[RECORDS FOR THIS EXERCISE]
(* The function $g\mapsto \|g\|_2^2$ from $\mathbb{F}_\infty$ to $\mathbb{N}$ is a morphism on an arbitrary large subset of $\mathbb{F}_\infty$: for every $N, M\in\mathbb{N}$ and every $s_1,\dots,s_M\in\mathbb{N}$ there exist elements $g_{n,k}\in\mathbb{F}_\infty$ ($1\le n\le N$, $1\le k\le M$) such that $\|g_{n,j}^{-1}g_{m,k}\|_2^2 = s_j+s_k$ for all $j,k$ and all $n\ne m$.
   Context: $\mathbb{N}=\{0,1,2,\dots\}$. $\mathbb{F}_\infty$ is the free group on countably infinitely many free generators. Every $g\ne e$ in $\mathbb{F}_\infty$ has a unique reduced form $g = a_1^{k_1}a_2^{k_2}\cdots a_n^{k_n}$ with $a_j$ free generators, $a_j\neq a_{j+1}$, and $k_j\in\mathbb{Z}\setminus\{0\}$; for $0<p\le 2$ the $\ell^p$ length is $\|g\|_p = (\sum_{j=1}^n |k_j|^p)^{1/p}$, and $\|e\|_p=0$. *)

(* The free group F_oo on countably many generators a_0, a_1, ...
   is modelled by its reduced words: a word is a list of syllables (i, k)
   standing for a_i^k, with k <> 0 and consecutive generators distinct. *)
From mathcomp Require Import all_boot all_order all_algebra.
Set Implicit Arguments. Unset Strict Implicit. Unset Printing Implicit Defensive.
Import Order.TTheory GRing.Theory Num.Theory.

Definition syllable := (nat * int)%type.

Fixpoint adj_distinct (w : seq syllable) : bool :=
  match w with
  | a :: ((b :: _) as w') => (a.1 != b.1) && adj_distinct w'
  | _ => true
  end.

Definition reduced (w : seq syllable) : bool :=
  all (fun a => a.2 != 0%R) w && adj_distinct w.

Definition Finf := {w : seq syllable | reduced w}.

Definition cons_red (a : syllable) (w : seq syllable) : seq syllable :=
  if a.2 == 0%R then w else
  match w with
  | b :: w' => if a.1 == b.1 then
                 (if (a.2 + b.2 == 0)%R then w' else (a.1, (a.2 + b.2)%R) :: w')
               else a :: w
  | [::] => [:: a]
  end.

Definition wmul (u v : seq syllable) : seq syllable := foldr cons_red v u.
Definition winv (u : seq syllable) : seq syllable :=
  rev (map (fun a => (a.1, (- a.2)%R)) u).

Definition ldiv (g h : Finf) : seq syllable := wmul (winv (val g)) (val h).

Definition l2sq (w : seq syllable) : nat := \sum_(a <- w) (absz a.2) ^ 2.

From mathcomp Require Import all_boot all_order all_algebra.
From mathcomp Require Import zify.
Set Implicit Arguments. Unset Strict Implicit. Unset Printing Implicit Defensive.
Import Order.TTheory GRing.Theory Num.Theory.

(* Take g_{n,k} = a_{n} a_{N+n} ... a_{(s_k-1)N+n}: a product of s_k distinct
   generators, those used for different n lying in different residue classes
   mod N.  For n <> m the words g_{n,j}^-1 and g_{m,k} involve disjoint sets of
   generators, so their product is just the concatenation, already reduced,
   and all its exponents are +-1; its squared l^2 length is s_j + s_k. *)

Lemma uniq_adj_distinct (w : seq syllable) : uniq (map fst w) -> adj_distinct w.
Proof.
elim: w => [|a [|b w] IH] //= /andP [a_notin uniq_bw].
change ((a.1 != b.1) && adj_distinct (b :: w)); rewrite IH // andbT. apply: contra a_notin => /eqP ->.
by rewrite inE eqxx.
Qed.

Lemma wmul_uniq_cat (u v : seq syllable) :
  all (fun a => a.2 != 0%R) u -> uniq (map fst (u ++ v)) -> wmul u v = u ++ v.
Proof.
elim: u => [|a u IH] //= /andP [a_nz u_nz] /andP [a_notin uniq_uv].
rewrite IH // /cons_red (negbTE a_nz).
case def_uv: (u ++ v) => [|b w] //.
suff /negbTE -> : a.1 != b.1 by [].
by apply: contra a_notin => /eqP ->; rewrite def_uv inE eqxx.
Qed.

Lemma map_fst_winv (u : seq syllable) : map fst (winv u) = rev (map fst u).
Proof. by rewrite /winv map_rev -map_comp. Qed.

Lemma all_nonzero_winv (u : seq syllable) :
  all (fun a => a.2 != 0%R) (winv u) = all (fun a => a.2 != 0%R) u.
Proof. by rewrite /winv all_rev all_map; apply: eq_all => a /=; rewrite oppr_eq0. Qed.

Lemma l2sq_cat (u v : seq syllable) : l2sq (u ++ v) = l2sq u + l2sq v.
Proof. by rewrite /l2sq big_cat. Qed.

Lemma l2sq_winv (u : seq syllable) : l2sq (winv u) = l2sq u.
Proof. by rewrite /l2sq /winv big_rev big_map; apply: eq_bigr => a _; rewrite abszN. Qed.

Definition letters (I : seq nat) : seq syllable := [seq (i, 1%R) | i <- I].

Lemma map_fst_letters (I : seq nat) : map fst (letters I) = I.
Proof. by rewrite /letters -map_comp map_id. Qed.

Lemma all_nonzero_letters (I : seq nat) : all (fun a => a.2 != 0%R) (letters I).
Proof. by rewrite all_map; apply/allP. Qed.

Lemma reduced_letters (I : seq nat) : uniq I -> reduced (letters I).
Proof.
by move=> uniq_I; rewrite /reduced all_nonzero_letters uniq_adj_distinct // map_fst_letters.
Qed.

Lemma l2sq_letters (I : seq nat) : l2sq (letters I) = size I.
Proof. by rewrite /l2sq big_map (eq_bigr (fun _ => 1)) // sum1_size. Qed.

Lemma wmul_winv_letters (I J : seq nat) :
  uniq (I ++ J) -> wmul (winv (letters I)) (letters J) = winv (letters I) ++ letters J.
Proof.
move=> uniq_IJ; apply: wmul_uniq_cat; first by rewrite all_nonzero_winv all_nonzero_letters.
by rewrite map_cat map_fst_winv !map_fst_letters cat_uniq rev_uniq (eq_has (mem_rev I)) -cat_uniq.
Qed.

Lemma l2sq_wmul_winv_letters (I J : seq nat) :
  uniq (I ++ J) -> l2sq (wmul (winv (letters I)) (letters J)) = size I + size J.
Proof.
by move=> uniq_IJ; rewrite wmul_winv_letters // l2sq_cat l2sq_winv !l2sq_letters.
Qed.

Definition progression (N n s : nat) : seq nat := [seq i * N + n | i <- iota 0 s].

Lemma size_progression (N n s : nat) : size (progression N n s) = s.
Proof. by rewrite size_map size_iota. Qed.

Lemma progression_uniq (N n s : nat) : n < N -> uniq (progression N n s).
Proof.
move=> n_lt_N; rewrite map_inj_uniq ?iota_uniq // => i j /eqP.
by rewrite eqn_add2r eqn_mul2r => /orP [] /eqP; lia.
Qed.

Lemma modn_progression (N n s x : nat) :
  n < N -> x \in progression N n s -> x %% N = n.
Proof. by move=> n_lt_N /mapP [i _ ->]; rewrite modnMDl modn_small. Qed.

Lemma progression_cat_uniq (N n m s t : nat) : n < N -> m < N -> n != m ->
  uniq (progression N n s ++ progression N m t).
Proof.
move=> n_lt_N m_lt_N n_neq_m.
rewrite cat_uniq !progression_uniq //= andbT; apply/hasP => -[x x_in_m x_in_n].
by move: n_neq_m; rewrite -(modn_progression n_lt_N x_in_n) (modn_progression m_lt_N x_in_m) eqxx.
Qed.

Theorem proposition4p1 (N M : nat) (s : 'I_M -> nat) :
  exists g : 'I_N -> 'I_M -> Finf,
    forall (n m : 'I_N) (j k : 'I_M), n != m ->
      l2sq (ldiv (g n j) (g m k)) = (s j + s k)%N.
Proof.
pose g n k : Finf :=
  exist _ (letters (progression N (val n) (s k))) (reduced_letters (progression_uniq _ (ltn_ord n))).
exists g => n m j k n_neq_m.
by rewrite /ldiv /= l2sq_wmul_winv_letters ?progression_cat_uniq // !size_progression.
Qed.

[EXERCISE PROMPT] What do the lines of the material read, from the first through the line with "(* The free"? Transcribe them exactly and stop there.

[RESPONSE]
(* The function $g\mapsto \|g\|_2^2$ from $\mathbb{F}_\infty$ to $\mathbb{N}$ is a morphism on an arbitrary large subset of $\mathbb{F}_\infty$: for every $N, M\in\mathbb{N}$ and every $s_1,\dots,s_M\in\mathbb{N}$ there exist elements $g_{n,k}\in\mathbb{F}_\infty$ ($1\le n\le N$, $1\le k\le M$) such that $\|g_{n,j}^{-1}g_{m,k}\|_2^2 = s_j+s_k$ for all $j,k$ and all $n\ne m$.
   Context: $\mathbb{N}=\{0,1,2,\dots\}$. $\mathbb{F}_\infty$ is the free group on countably infinitely many free generators. Every $g\ne e$ in $\mathbb{F}_\infty$ has a unique reduced form $g = a_1^{k_1}a_2^{k_2}\cdots a_n^{k_n}$ with $a_j$ free generators, $a_j\neq a_{j+1}$, and $k_j\in\mathbb{Z}\setminus\{0\}$; for $0<p\le 2$ the $\ell^p$ length is $\|g\|_p = (\sum_{j=1}^n |k_j|^p)^{1/p}$, and $\|e\|_p=0$. *)

(* The free group F_oo on countably many generators a_0, a_1, ...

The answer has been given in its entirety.